Lemma kernel_closed_form_duplication w x : 0 < w ->
  kernel_closed_form w (x / 2) + kernel_closed_form w (x / 2 + PI / 2) = 2 * kernel_closed_form (2 * w) x.
Proof.
  intro Hw. unfold kernel_closed_form.
  pose proof (exp_2w_gt1 w Hw) as Ha.
  assert (E4 : exp (2 * (2 * w)) = exp (2 * w) * exp (2 * w)) by (rewrite <- exp_plus; f_equal; ring).
  assert (E4' : exp (- (2 * (2 * w))) = / (exp (2 * w) * exp (2 * w))) by (rewrite <- E4; apply exp_Ropp).
  rewrite E4, E4', exp_Ropp, sin_plus, sin_PI2, cos_PI2.
  assert (Hs : sin (x / 2) ^ 2 = (1 - cos x) / 2).
  { replace x with (2 * (x / 2)) at 2 by field. rewrite cos_2a_sin. field. }
  assert (Hc : cos (x / 2) ^ 2 = (1 + cos x) / 2).
  { replace x with (2 * (x / 2)) at 2 by field. rewrite cos_2a_cos. field. }
  assert (Hsx : sin x ^ 2 = 1 - cos x ^ 2) by (pose proof (sin2_cos2 x); unfold Rsqr in *; nra).
  replace ((sin (x / 2) * 0 + cos (x / 2) * 1) ^ 2) with (cos (x / 2) ^ 2) by ring.
  rewrite Hs, Hc, Hsx.
  set (a := exp (2 * w)) in *. set (c := cos x).
  assert (Hc1 : -1 <= c <= 1) by (unfold c; split; apply COS_bound).
  assert (0 < (a - 1) ^ 2) by nra.
  assert (0 < a + / a - 2)
    by (replace (a + / a - 2) with ((a - 1) ^ 2 / a) by (field; lra); apply Rdiv_lt_0_compat; nra).
  assert (0 < a * a - 1) by nra.
  assert (0 <= (1 - c ^ 2) * (a * a)) by (apply Rmult_le_pos; nra).
  field. nonzero.
Qed.

Lemma kernel_closed_form_shift w x : kernel_closed_form w (x - PI) = kernel_closed_form w x.
Proof.
  unfold kernel_closed_form. rewrite sin_minus, cos_PI, sin_PI. f_equal. f_equal. ring.
Qed.

Definition exp_taylor3 (t : R) : R := 1 + t + t ^ 2 / 2 + t ^ 3 / 6.

Lemma is_series_exp (t : R) : is_series (fun k => t ^ k / INR (fact k)) (exp t).
Proof.
  eapply is_series_ext; [|exact (is_exp_Reals t)]. intro k.
  simpl. rewrite pow_n_pow. unfold scal; simpl. unfold mult; simpl. unfold Rdiv. ring.
Qed.

Lemma is_series_exp_taylor3_error (t : R) :
  is_series (fun k => t ^ 4 * (t ^ k / INR (fact (4 + k)))) (exp t - exp_taylor3 t).
Proof.
  assert (H4 : is_series (fun k => t ^ (4 + k) / INR (fact (4 + k))) (exp t - exp_taylor3 t)).
  { apply (is_series_incr_n (fun k => t ^ k / INR (fact k)) 4); [lia|].
    replace (exp t - exp_taylor3 t + _) with (exp t); [apply is_series_exp|].
    simpl Init.Nat.pred. rewrite !sum_Sn, sum_O. repeat change (plus ?a ?b) with (Rplus a b).
    unfold exp_taylor3. simpl. field. }
  eapply is_series_ext; [|exact H4]. intro k. cbv beta.
  rewrite (pow_add t 4 k). unfold Rdiv. apply Rmult_assoc.
Qed.

Lemma exp_le_9 (t : R) : t <= 2 -> exp t <= 9.
Proof.
  intro H. apply Rle_trans with (exp 2).
  - destruct (Req_dec t 2); [subst; lra|]. left; apply exp_increasing; lra.
  - replace 2 with (1 + 1) by ring. rewrite exp_plus.
    pose proof exp_le_3. pose proof (exp_pos 1). nra.
Qed.

Lemma exp_taylor3_error (t : R) : Rabs t <= 2 -> Rabs (exp t - exp_taylor3 t) <= 9 * t ^ 4.
Proof.
  intro Ht.
  rewrite <- (is_series_unique _ _ (is_series_exp_taylor3_error t)), Series_scal_l, Rabs_mult.
  rewrite (Rabs_pos_eq (t ^ 4)) by nra. rewrite Rmult_comm.
  apply Rmult_le_compat_r; [nra|].
  assert (Eabs : ex_series (fun k => Rabs t ^ k / INR (fact k))) by (eexists; apply is_series_exp).
  assert (Hb : forall k, Rabs (t ^ k / INR (fact (4 + k))) <= Rabs t ^ k / INR (fact k)).
  { intro k. unfold Rdiv. rewrite Rabs_mult, <- RPow_abs, Rabs_inv.
    rewrite (Rabs_pos_eq (INR (fact (4 + k)))) by apply pos_INR.
    apply Rmult_le_compat_l; [apply pow_le, Rabs_pos|].
    apply Rinv_le_contravar; [apply lt_0_INR, lt_O_fact|apply le_INR, fact_le; lia]. }
  eapply Rle_trans.
  { apply Series_Rabs. eapply ex_series_Rle; [|exact Eabs]. intro k. rewrite Rabs_Rabsolu. apply Hb. }
  eapply Rle_trans.
  { apply Series_le; [|exact Eabs]. intro k; split; [apply Rabs_pos|apply Hb]. }
  rewrite (is_series_unique _ _ (is_series_exp (Rabs t))). apply exp_le_9; auto.
Qed.

Lemma exp_taylor3_le (t : R) : 0 <= t -> exp_taylor3 t <= exp t.
Proof.
  intro Ht.
  assert (0 <= Series (fun k => t ^ 4 * (t ^ k / INR (fact (4 + k))))).
  { apply Series_nonneg; [|eexists; apply is_series_exp_taylor3_error].
    intro k. apply Rmult_le_pos; [nra|]. apply Rmult_le_pos; [apply pow_le; auto|].
    apply Rlt_le, Rinv_0_lt_compat, lt_0_INR, lt_O_fact. }
  rewrite (is_series_unique _ _ (is_series_exp_taylor3_error t)) in H. lra.
Qed.

Lemma exp_2w_expansions w : 0 < w -> w <= 1 ->
  Rabs (exp (2 * w) + exp (- (2 * w)) - 2 - 4 * w ^ 2) <= 288 * w ^ 4 /\
  2 * w ^ 2 <= exp (2 * w) + exp (- (2 * w)) - 2 /\
  Rabs (exp (2 * w) - exp (- (2 * w)) - 4 * w) <= 291 * w ^ 3.
Proof.
  intros Hw Hw1.
  assert (Ea := exp_taylor3_error (2 * w) ltac:(rewrite Rabs_pos_eq; lra)).
  assert (Eb := exp_taylor3_error (- (2 * w)) ltac:(rewrite Rabs_Ropp, Rabs_pos_eq; lra)).
  pose proof (exp_taylor3_le (2 * w) ltac:(lra)) as La.
  pose proof (exp_ineq1_le (- (2 * w))) as Lb.
  unfold exp_taylor3 in *.
  set (ea := exp (2 * w)) in *. set (eb := exp (- (2 * w))) in *.
  set (A := ea - _) in Ea. set (B := eb - _) in Eb.
  replace ((- (2 * w)) ^ 4) with (16 * w ^ 4) in Eb by ring.
  replace ((2 * w) ^ 4) with (16 * w ^ 4) in Ea by ring.
  assert (Hw43 : w ^ 4 <= w ^ 3) by (replace (w ^ 4) with (w * w ^ 3) by ring; nra).
  assert (0 <= w ^ 3) by nra.
  apply Rabs_le_between in Ea, Eb. unfold A, B in *.
  split; [|split]; [apply Rabs_le; split | |apply Rabs_le; split]; nra.
Qed.

Lemma sin_sqr_bounds x : Rabs x <= PI / 2 ->
  x ^ 2 - x ^ 4 / 3 <= sin x ^ 2 <= x ^ 2 /\ x ^ 2 / 9 <= sin x ^ 2.
Proof.
  intro Hx. pose proof PI_4.
  assert (E1 : sin x ^ 2 = sin (Rabs x) ^ 2)
    by (unfold Rabs; destruct (Rcase_abs x); [rewrite sin_neg|]; ring).
  rewrite E1, <- (pow2_abs x).
  replace (x ^ 4) with (Rabs x ^ 4) by (rewrite RPow_abs, Rabs_pos_eq; nra).
  set (y := Rabs x) in *. assert (Hy : 0 <= y) by apply Rabs_pos.
  destruct (sin_bound y 0 Hy ltac:(lra)) as [L U].
  unfold sin_approx, sin_term in L, U. simpl in L, U.
  assert (y ^ 2 <= 4) by nra.
  assert (y - y ^ 3 / 6 <= sin y <= y) by (split; nra).
  assert (y / 3 <= y - y ^ 3 / 6) by nra.
  split; [split|]; nra.
Qed.

Lemma kernel_quotient_approx w x s c u : 0 < w -> w <= 1 ->
  Rabs (c - 4 * w ^ 2) <= 288 * w ^ 4 -> 2 * w ^ 2 <= c ->
  Rabs (s - 4 * w) <= 291 * w ^ 3 ->
  4 * x ^ 2 - 4 * x ^ 4 / 3 <= u -> u <= 4 * x ^ 2 -> 4 * x ^ 2 / 9 <= u ->
  Rabs (w / (w ^ 2 + x ^ 2) - s / (c + u)) <= 1350 * w.
Proof.
  intros Hw Hw1 Hc Hc2 Hs Hu1 Hu2 Hu3.
  set (B := w ^ 2 + x ^ 2).
  assert (HB : 0 < B) by (unfold B; nra).
  assert (HD : 4 / 9 * B <= c + u) by (unfold B; nra).
  assert (0 < c + u) by nra.
  replace (w / B - s / (c + u))
    with ((w * (c - 4 * w ^ 2) + w * (u - 4 * x ^ 2) - (s - 4 * w) * B) / (B * (c + u)))
    by (unfold B; field; nonzero).
  assert (HN : Rabs (w * (c - 4 * w ^ 2) + w * (u - 4 * x ^ 2) - (s - 4 * w) * B) <= 581 * w * B ^ 2).
  { assert (w ^ 4 <= B ^ 2) by (unfold B; nra).
    assert (x ^ 4 <= B ^ 2) by (unfold B; nra).
    assert (w ^ 2 <= B) by (unfold B; nra).
    assert (T1 : Rabs (w * (c - 4 * w ^ 2)) <= 288 * w * B ^ 2)
      by (rewrite Rabs_mult, Rabs_pos_eq by lra; nra).
    assert (T2 : Rabs (w * (u - 4 * x ^ 2)) <= 2 * w * B ^ 2).
    { rewrite Rabs_mult, (Rabs_pos_eq w) by lra.
      assert (Rabs (u - 4 * x ^ 2) <= 2 * B ^ 2) by (apply Rabs_le; split; nra). nra. }
    assert (T3 : Rabs ((s - 4 * w) * B) <= 291 * w * B ^ 2).
    { rewrite Rabs_mult, (Rabs_pos_eq B) by lra.
      assert (w ^ 3 * B <= w * B ^ 2)
        by (replace (w ^ 3 * B) with (w ^ 2 * (w * B)) by ring;
            replace (w * B ^ 2) with (B * (w * B)) by ring; apply Rmult_le_compat_r; nra).
      assert (Rabs (s - 4 * w) * B <= 291 * w ^ 3 * B) by (apply Rmult_le_compat_r; lra). lra. }
    eapply Rle_trans; [apply Rabs_triang|]. rewrite Rabs_Ropp.
    pose proof (Rabs_triang (w * (c - 4 * w ^ 2)) (w * (u - 4 * x ^ 2))). lra. }
  rewrite Rabs_div by nonzero. rewrite (Rabs_pos_eq (B * (c + u))) by nra.
  apply (Rmult_le_reg_r (B * (c + u))); [nra|].
  unfold Rdiv. rewrite Rmult_assoc, Rinv_l by nonzero. rewrite Rmult_1_r.
  assert (4 / 9 * B ^ 2 <= B * (c + u)) by nra.
  assert (0 <= w * B ^ 2) by nra.
  nra.
Qed.

Lemma poisson_kernel_closed_form_close w x : 0 < w -> w <= 1 -> Rabs x <= PI / 2 ->
  Rabs (poisson_kernel w x - kernel_closed_form w x) <= 1350 * w.
Proof.
  intros Hw Hw1 Hx.
  destruct (sin_sqr_bounds x Hx) as [[S1 S2] S3].
  destruct (exp_2w_expansions w Hw Hw1) as [Ec [Ec2 Es]].
  unfold poisson_kernel, kernel_closed_form.
  apply kernel_quotient_approx; auto; lra.
Qed.

(** * Herglotz's argument *)

Definition kernel_defect (w x : R) : R := periodized_kernel w x - kernel_closed_form w x.

Lemma periodized_kernel_split w x : 0 < w -> Rabs x <= PI ->
  periodized_kernel w x = poisson_kernel w x + Series (fun k => kernel_pair w x (S k)).
Proof.
  intros Hw Hx. unfold periodized_kernel.
  rewrite Series_incr_1 by (apply ex_series_kernel_pair; auto).
  unfold kernel_pair at 1. change (INR 0) with 0.
  rewrite Rmult_0_r, Rplus_0_r, Rminus_0_r. ring.
Qed.

Lemma kernel_tail_bound w x : 0 < w -> Rabs x <= PI / 2 ->
  Rabs (Series (fun k => kernel_pair w x (S k))) <= 2 * w.
Proof.
  intros Hw Hx.
  apply Series_inv_sq_bound; [|lra].
  intro k. rewrite Rabs_pos_eq by (apply kernel_pair_nonneg; auto).
  pose proof PI_ge3. pose proof (pos_INR k).
  unfold kernel_pair. rewrite S_INR, plus_INR. change (INR 1) with 1.
  set (K := INR k + 1) in *. assert (1 <= K) by (unfold K; lra).
  assert (Bfar : forall z, PI * K - PI / 2 <= Rabs z -> poisson_kernel w z <= 4 / 9 * w * / K ^ 2).
  { intros z Hz. unfold poisson_kernel.
    assert (9 / 4 * K ^ 2 <= z ^ 2).
    { assert (3 / 2 * K <= Rabs z) by nra. rewrite (sqr_abs z). nra. }
    replace (4 / 9 * w * / K ^ 2) with (w / (9 / 4 * K ^ 2)) by (field; nonzero).
    unfold Rdiv. apply Rmult_le_compat_l; [lra|]. apply Rinv_le_contravar; nra. }
  assert (B1 : poisson_kernel w (x + PI * K) <= 4 / 9 * w * / K ^ 2).
  { apply Bfar. pose proof (Rabs_triang (x + PI * K) (- x)) as T. rewrite Rabs_Ropp in T.
    replace (x + PI * K + - x) with (PI * K) in T by ring. rewrite Rabs_pos_eq in T by nra. lra. }
  assert (B2 : poisson_kernel w (x - PI * K) <= 4 / 9 * w * / K ^ 2).
  { apply Bfar. pose proof (Rabs_triang (x - PI * K) (- x)) as T. rewrite Rabs_Ropp in T.
    replace (x - PI * K + - x) with (- (PI * K)) in T by ring.
    rewrite Rabs_Ropp, Rabs_pos_eq in T by nra. lra. }
  assert (0 < / K ^ 2) by (apply Rinv_0_lt_compat; nra).
  nra.
Qed.

Lemma kernel_defect_small w x : 0 < w -> w <= 1 -> Rabs x <= PI / 2 ->
  Rabs (kernel_defect w x) <= 1352 * w.
Proof.
  intros Hw Hw1 Hx. unfold kernel_defect. pose proof PI_RGT_0.
  rewrite periodized_kernel_split by (auto; lra).
  pose proof (poisson_kernel_closed_form_close w x Hw Hw1 Hx).
  pose proof (kernel_tail_bound w x Hw Hx).
  replace (poisson_kernel w x + Series (fun k => kernel_pair w x (S k)) - kernel_closed_form w x)
    with ((poisson_kernel w x - kernel_closed_form w x) + Series (fun k => kernel_pair w x (S k)))
    by ring.
  eapply Rle_trans; [apply Rabs_triang|]. lra.
Qed.

(* On [[PI/2, PI]] the bound comes from [[-PI/2, 0]] by periodicity. *)
Lemma kernel_defect_small_on_period w x : 0 < w -> w <= 1 -> 0 <= x <= PI ->
  Rabs (kernel_defect w x) <= 1352 * w.
Proof.
  intros Hw Hw1 Hx. pose proof PI_RGT_0.
  destruct (Rle_dec x (PI / 2)).
  - apply kernel_defect_small; auto. rewrite Rabs_pos_eq; lra.
  - replace (kernel_defect w x) with (kernel_defect w (x - PI)).
    + apply kernel_defect_small; auto. rewrite Rabs_left1; lra.
    + unfold kernel_defect. rewrite kernel_closed_form_shift, periodized_kernel_shift; auto.
      * rewrite Rabs_pos_eq; lra.
      * rewrite Rabs_left1; lra.
Qed.

Lemma kernel_defect_duplication w x : 0 < w -> 0 <= x <= PI ->
  kernel_defect (2 * w) x = (kernel_defect w (x / 2) + kernel_defect w (x / 2 + PI / 2)) / 2.
Proof.
  intros Hw Hx. unfold kernel_defect.
  pose proof (periodized_kernel_duplication w x Hw ltac:(rewrite Rabs_pos_eq; lra)).
  pose proof (kernel_closed_form_duplication w x Hw). lra.
Qed.

Lemma kernel_defect_iterated_bound (k : nat) : forall w x, 0 < w -> w <= 2 ^ k -> 0 <= x <= PI ->
  Rabs (kernel_defect w x) <= 1352 * w / 2 ^ k.
Proof.
  induction k as [|k IH]; intros w x Hw Hwk Hx.
  - simpl in *. rewrite Rdiv_1_r. apply kernel_defect_small_on_period; auto.
  - pose proof PI_RGT_0.
    assert (Hp : 0 < 2 ^ k) by (apply pow_lt; lra).
    simpl pow in *.
    replace w with (2 * (w / 2)) at 1 by field.
    rewrite kernel_defect_duplication by (auto; lra).
    pose proof (IH (w / 2) (x / 2) ltac:(lra) ltac:(lra) ltac:(lra)).
    pose proof (IH (w / 2) (x / 2 + PI / 2) ltac:(lra) ltac:(lra) ltac:(lra)).
    rewrite Rabs_div, (Rabs_pos_eq 2) by lra.
    eapply Rle_trans; [apply Rmult_le_compat_r; [lra|apply Rabs_triang]|].
    replace (1352 * w / (2 * 2 ^ k))
      with ((1352 * (w / 2) / 2 ^ k + 1352 * (w / 2) / 2 ^ k) * / 2) by (field; lra).
    apply Rmult_le_compat_r; lra.
Qed.

Lemma INR_le_pow2 (n : nat) : INR n <= 2 ^ n.
Proof.
  induction n as [|n IH]; [simpl; lra|].
  rewrite S_INR. simpl pow. assert (1 <= 2 ^ n) by (apply pow_R1_Rle; lra). lra.
Qed.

◆ ◆ ◆ ◆ ◆ ◆ ◆

#### Task description
Word for word, restate the listing above from its first line to the line with "Definition exp_taylor3 (t", keeping both.

#### Output for this task
Lemma kernel_closed_form_duplication w x : 0 < w ->
  kernel_closed_form w (x / 2) + kernel_closed_form w (x / 2 + PI / 2) = 2 * kernel_closed_form (2 * w) x.
Proof.
  intro Hw. unfold kernel_closed_form.
  pose proof (exp_2w_gt1 w Hw) as Ha.
  assert (E4 : exp (2 * (2 * w)) = exp (2 * w) * exp (2 * w)) by (rewrite <- exp_plus; f_equal; ring).
  assert (E4' : exp (- (2 * (2 * w))) = / (exp (2 * w) * exp (2 * w))) by (rewrite <- E4; apply exp_Ropp).
  rewrite E4, E4', exp_Ropp, sin_plus, sin_PI2, cos_PI2.
  assert (Hs : sin (x / 2) ^ 2 = (1 - cos x) / 2).
  { replace x with (2 * (x / 2)) at 2 by field. rewrite cos_2a_sin. field. }
  assert (Hc : cos (x / 2) ^ 2 = (1 + cos x) / 2).
  { replace x with (2 * (x / 2)) at 2 by field. rewrite cos_2a_cos. field. }
  assert (Hsx : sin x ^ 2 = 1 - cos x ^ 2) by (pose proof (sin2_cos2 x); unfold Rsqr in *; nra).
  replace ((sin (x / 2) * 0 + cos (x / 2) * 1) ^ 2) with (cos (x / 2) ^ 2) by ring.
  rewrite Hs, Hc, Hsx.
  set (a := exp (2 * w)) in *. set (c := cos x).
  assert (Hc1 : -1 <= c <= 1) by (unfold c; split; apply COS_bound).
  assert (0 < (a - 1) ^ 2) by nra.
  assert (0 < a + / a - 2)
    by (replace (a + / a - 2) with ((a - 1) ^ 2 / a) by (field; lra); apply Rdiv_lt_0_compat; nra).
  assert (0 < a * a - 1) by nra.
  assert (0 <= (1 - c ^ 2) * (a * a)) by (apply Rmult_le_pos; nra).
  field. nonzero.
Qed.

Lemma kernel_closed_form_shift w x : kernel_closed_form w (x - PI) = kernel_closed_form w x.
Proof.
  unfold kernel_closed_form. rewrite sin_minus, cos_PI, sin_PI. f_equal. f_equal. ring.
Qed.

Definition exp_taylor3 (t : R) : R := 1 + t + t ^ 2 / 2 + t ^ 3 / 6.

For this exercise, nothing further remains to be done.